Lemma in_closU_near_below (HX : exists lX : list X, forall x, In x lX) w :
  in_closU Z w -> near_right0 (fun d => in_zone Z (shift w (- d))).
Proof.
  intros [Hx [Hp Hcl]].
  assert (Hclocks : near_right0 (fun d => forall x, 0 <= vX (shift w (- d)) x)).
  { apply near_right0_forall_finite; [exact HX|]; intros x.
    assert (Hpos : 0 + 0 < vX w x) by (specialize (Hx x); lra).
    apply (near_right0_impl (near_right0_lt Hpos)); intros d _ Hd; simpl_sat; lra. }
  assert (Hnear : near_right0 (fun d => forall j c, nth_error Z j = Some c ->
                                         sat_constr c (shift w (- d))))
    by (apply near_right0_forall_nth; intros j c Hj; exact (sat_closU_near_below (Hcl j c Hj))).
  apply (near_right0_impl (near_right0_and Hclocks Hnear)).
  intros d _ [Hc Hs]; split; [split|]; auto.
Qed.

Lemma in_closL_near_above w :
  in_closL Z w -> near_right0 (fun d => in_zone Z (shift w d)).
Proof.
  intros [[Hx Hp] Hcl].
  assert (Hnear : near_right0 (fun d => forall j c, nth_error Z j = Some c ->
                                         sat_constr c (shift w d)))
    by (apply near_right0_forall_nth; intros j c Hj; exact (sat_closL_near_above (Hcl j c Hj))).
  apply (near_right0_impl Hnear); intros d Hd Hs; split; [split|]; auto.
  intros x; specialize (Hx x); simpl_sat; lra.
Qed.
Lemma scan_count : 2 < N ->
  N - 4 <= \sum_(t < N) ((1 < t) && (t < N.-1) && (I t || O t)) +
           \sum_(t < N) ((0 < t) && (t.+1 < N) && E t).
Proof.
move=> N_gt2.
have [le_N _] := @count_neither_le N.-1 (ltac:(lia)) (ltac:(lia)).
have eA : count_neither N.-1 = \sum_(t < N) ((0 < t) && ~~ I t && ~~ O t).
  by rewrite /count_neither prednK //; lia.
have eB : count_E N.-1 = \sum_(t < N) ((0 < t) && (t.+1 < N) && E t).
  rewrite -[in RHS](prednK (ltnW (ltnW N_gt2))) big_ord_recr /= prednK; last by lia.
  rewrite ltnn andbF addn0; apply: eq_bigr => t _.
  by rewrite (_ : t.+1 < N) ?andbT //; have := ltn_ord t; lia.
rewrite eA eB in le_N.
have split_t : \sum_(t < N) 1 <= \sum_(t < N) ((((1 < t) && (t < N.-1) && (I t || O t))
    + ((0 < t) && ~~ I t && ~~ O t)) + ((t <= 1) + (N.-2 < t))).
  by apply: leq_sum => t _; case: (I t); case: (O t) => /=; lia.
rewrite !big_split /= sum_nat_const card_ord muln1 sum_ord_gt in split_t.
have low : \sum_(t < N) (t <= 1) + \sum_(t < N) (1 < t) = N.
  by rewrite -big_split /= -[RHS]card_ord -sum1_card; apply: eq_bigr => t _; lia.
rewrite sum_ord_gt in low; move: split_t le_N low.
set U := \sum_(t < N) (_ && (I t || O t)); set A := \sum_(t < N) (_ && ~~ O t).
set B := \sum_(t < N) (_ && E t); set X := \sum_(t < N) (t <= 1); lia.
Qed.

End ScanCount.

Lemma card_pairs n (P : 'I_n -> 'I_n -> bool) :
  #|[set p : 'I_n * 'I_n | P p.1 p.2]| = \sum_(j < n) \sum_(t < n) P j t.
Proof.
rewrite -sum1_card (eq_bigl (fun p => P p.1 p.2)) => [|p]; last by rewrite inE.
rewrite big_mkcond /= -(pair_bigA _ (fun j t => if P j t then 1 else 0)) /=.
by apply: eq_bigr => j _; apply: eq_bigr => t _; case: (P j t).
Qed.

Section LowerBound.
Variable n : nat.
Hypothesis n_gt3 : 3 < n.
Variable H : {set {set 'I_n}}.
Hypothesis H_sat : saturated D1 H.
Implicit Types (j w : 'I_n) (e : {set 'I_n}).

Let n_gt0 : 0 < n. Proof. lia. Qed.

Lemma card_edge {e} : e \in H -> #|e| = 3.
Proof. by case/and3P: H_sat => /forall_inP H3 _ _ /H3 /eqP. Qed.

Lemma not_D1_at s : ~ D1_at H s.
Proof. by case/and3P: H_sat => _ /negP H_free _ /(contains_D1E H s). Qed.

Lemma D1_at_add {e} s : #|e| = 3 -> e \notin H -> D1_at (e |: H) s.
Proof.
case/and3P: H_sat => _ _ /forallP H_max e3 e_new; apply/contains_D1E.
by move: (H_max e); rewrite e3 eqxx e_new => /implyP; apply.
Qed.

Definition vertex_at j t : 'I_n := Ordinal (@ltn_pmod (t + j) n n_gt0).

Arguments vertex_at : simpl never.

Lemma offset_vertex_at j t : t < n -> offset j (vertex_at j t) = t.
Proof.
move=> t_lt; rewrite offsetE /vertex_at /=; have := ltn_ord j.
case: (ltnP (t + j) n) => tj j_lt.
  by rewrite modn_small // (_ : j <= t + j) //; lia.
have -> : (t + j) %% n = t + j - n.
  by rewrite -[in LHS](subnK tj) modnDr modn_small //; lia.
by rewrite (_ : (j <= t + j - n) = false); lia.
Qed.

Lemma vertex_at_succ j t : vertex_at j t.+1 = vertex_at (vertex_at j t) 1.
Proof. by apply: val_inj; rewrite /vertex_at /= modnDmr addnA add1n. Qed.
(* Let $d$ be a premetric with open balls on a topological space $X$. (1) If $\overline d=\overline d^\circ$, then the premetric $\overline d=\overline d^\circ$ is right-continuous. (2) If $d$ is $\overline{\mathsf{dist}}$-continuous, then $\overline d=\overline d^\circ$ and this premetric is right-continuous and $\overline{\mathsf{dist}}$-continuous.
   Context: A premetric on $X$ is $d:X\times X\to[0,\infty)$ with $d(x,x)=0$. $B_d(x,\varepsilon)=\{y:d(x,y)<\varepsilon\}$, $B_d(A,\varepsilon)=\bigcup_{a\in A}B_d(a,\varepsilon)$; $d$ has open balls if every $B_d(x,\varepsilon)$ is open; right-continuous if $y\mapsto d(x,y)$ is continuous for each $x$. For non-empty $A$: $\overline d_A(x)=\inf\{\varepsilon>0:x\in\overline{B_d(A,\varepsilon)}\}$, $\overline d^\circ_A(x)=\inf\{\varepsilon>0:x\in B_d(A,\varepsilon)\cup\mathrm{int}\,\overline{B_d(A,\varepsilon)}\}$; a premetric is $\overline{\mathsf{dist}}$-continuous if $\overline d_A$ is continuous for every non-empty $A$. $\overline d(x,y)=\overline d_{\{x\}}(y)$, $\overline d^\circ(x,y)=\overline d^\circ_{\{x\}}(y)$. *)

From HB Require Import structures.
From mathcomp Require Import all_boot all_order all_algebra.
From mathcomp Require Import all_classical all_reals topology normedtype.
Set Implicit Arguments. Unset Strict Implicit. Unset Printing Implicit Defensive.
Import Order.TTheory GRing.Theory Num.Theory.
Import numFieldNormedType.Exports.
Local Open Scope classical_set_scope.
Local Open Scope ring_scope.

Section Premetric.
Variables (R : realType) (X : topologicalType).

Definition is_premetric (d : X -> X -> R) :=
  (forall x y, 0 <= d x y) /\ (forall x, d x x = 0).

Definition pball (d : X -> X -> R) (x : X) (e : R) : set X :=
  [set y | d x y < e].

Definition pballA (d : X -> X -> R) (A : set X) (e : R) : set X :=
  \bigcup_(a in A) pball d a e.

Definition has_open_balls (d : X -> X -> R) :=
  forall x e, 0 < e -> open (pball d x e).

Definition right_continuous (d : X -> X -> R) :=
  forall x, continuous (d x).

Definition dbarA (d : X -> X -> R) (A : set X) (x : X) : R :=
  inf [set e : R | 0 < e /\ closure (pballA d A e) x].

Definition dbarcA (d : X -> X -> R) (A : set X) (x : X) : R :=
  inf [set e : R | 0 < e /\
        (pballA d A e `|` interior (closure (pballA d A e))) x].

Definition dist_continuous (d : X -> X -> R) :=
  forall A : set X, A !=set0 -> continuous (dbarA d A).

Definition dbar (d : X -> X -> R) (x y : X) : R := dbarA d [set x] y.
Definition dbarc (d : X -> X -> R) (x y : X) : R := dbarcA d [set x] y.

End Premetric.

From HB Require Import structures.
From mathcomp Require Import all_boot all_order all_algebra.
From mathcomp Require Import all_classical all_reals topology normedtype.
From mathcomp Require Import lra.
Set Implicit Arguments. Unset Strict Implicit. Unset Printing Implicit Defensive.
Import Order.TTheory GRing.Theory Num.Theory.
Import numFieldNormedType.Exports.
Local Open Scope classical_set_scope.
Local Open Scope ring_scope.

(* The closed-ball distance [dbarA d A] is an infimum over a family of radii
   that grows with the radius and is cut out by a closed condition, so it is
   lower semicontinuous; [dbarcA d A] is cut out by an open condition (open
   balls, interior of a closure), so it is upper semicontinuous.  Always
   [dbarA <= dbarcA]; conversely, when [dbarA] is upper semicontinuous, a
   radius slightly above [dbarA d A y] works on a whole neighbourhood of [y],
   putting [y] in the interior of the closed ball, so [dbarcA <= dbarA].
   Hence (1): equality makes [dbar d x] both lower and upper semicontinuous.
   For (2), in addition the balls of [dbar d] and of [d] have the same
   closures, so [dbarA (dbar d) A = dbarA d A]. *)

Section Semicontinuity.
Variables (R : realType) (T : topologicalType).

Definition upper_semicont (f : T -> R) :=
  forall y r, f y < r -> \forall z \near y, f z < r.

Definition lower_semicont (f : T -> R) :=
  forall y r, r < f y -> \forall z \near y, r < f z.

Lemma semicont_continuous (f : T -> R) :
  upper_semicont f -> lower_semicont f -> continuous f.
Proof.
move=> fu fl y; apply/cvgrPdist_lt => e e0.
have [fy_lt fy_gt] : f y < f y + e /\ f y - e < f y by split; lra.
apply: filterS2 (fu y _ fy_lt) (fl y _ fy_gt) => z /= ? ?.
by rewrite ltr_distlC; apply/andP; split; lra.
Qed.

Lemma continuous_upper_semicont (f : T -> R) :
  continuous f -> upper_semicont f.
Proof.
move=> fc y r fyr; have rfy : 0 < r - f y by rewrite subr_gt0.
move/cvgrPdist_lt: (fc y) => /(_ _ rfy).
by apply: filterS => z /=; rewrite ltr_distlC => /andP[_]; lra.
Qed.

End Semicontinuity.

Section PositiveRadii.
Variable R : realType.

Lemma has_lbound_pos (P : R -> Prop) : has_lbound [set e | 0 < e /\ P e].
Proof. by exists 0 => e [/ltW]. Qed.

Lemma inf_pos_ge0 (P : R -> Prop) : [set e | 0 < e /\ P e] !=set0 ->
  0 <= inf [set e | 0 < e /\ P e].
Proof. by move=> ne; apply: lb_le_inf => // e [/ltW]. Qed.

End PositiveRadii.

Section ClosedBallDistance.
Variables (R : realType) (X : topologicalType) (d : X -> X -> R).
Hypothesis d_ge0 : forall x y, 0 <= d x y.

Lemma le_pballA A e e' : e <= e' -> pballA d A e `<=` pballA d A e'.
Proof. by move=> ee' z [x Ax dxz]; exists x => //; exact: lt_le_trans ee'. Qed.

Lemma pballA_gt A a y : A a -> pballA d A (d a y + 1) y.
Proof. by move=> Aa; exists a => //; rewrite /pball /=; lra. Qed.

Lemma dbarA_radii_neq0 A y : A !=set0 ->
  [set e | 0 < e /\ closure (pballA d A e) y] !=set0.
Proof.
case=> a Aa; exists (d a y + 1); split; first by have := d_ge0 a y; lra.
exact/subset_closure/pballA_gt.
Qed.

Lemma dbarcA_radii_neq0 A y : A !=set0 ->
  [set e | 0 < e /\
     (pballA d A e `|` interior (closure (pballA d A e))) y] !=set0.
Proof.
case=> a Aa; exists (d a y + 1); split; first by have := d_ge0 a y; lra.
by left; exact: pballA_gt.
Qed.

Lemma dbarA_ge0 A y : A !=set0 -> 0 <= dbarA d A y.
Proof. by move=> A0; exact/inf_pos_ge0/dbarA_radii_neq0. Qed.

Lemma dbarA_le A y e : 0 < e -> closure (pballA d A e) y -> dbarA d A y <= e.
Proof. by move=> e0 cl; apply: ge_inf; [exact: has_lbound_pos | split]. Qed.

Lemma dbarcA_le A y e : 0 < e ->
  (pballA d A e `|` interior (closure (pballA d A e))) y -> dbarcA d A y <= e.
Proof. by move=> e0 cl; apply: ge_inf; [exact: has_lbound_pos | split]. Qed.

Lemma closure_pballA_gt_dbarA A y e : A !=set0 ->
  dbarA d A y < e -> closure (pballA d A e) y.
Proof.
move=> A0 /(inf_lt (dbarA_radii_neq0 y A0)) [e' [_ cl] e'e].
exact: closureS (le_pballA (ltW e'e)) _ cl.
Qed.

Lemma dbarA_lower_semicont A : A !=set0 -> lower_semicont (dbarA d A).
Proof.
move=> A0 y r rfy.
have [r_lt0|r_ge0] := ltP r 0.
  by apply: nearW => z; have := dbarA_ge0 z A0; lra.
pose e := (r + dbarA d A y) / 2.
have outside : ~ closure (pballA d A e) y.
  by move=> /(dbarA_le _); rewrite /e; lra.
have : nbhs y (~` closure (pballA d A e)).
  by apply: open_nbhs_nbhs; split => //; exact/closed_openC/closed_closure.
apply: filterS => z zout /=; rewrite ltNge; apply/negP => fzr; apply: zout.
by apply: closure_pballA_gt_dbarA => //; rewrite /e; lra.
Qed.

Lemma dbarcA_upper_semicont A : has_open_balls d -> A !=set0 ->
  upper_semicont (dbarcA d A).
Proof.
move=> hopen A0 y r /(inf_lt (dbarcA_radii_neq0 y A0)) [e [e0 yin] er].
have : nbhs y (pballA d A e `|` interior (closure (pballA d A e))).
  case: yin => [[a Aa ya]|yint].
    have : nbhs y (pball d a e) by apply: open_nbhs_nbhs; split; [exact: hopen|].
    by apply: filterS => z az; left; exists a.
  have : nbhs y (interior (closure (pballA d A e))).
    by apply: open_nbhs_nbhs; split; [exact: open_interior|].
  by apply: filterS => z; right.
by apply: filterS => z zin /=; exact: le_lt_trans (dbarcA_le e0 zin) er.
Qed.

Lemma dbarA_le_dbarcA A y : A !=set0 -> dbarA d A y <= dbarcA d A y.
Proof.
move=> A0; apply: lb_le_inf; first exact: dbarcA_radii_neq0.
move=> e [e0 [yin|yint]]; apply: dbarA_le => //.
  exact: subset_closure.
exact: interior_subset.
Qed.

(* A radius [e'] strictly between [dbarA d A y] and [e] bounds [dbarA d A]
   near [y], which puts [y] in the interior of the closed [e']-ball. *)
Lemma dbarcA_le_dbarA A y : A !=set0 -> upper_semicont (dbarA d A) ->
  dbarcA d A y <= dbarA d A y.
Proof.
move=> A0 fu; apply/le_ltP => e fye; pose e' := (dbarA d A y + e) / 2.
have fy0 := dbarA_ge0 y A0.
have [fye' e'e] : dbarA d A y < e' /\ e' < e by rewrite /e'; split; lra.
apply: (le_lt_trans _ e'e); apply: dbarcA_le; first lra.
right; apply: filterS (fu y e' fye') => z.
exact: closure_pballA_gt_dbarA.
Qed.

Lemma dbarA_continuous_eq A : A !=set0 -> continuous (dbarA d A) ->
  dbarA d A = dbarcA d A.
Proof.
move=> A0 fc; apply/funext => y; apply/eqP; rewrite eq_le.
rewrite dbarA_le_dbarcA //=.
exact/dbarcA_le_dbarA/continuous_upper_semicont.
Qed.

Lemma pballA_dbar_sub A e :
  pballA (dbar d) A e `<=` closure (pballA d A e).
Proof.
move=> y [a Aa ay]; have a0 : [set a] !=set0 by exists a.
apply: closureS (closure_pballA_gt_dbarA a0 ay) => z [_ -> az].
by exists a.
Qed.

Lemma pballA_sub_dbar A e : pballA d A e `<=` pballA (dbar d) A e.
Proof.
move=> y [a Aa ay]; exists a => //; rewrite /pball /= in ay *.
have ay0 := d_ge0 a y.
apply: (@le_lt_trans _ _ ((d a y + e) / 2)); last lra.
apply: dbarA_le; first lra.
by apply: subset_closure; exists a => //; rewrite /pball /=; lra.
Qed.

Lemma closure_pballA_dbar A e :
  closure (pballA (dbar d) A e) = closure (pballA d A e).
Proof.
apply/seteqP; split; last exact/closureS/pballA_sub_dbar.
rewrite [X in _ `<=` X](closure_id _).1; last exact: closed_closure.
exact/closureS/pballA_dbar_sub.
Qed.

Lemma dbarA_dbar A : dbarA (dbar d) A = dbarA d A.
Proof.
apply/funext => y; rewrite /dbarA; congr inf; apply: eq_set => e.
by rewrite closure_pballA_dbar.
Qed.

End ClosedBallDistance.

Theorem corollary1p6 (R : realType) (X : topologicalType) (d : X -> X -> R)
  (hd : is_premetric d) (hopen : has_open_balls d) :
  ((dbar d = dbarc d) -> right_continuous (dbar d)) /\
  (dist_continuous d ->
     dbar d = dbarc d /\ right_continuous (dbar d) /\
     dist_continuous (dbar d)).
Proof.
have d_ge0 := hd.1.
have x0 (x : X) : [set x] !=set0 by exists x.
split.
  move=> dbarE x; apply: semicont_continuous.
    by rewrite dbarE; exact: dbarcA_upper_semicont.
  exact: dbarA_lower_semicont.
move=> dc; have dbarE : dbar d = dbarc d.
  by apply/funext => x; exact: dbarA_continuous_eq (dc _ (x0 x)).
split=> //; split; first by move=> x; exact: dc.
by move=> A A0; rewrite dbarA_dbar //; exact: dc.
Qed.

--------------------------------------------------

TRY IT
Of all the entries above, retype exactly the lines from the line with "For (2), in" to the line with "Proof. by exists 0 => e [/ltW]. Qed.", both included, and no others.

RESPONSE
   For (2), in addition the balls of [dbar d] and of [d] have the same
   closures, so [dbarA (dbar d) A = dbarA d A]. *)

Section Semicontinuity.
Variables (R : realType) (T : topologicalType).

Definition upper_semicont (f : T -> R) :=
  forall y r, f y < r -> \forall z \near y, f z < r.

Definition lower_semicont (f : T -> R) :=
  forall y r, r < f y -> \forall z \near y, r < f z.

Lemma semicont_continuous (f : T -> R) :
  upper_semicont f -> lower_semicont f -> continuous f.
Proof.
move=> fu fl y; apply/cvgrPdist_lt => e e0.
have [fy_lt fy_gt] : f y < f y + e /\ f y - e < f y by split; lra.
apply: filterS2 (fu y _ fy_lt) (fl y _ fy_gt) => z /= ? ?.
by rewrite ltr_distlC; apply/andP; split; lra.
Qed.

Lemma continuous_upper_semicont (f : T -> R) :
  continuous f -> upper_semicont f.
Proof.
move=> fc y r fyr; have rfy : 0 < r - f y by rewrite subr_gt0.
move/cvgrPdist_lt: (fc y) => /(_ _ rfy).
by apply: filterS => z /=; rewrite ltr_distlC => /andP[_]; lra.
Qed.

End Semicontinuity.

Section PositiveRadii.
Variable R : realType.

Lemma has_lbound_pos (P : R -> Prop) : has_lbound [set e | 0 < e /\ P e].
Proof. by exists 0 => e [/ltW]. Qed.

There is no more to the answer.